Lemma meeting_paths_step xp yp y X1 X2 : meeting_paths xp yp y X1 X2 -> y != z ->
  exists xp' yp' d X1' X2', meeting_paths xp' yp' d X1' X2' /\ size X2' < size X2.
Proof.
move=> M Nyz; have [c [s [d [Dcd cK dX2 avoid]]]] := meeting_paths_bridge M Nyz.
case/splitPr: dX2 M avoid => D1 D2 M avoid.
have lt_D2 : size D2 < size (D1 ++ d :: D2) by rewrite size_cat /= addnS ltnS leq_addl.
case/orP: cK => [cX1|/andP[cy Ncy]].
  have [xp' [yp' M']] := meeting_paths_reroute_x M Dcd cX1 (erefl _) avoid.
  by exists xp', yp', d, (yp ++ D1), D2.
have [yp' M'] := meeting_paths_reroute_y M Dcd cy Ncy (erefl _) avoid.
by exists xp, yp', d, (X1 ++ y :: D1), D2.
Qed.

Lemma bireachable_of_no_cut p : z != r -> dipath e S r z p -> bireachable e S r z.
Proof.
move=> Nzr; case: p => [|x1 p] Dp; first by case: Dp Nzr => _ /= -> _ _; rewrite eqxx.
have M : meeting_paths (x1 :: p) [:: x1] x1 [::] p.
  split=> //; last by move=> w; rewrite inE => /eqP.
  by move: Dp; rewrite -cat1s => /dipath_split[].
suff meet_bireachable n xp yp y X1 X2 :
  size X2 < n -> meeting_paths xp yp y X1 X2 -> bireachable e S r z.
  exact: meet_bireachable (ltnSn _) M.
elim: n xp yp y X1 X2 => [//|n IH] xp yp y X1 X2 lt_n M'.
have [Eyz|Nyz] := eqVneq y z; first by rewrite Eyz in M'; exact: meeting_paths_at_end M'.
have [xp' [yp' [d [X1' [X2' [M'' lt']]]]]] := meeting_paths_step M' Nyz.
by apply: IH M''; apply: leq_trans lt' _; rewrite -ltnS.
Qed.

End Menger.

| TASK DETAILS |
Your answer must be the line containing "suff meet_bireachable n" through the last line above, copied exactly, with nothing added.

| PROBLEM SOLUTION |
suff meet_bireachable n xp yp y X1 X2 :
  size X2 < n -> meeting_paths xp yp y X1 X2 -> bireachable e S r z.
  exact: meet_bireachable (ltnSn _) M.
elim: n xp yp y X1 X2 => [//|n IH] xp yp y X1 X2 lt_n M'.
have [Eyz|Nyz] := eqVneq y z; first by rewrite Eyz in M'; exact: meeting_paths_at_end M'.
have [xp' [yp' [d [X1' [X2' [M'' lt']]]]]] := meeting_paths_step M' Nyz.
by apply: IH M''; apply: leq_trans lt' _; rewrite -ltnS.
Qed.

End Menger.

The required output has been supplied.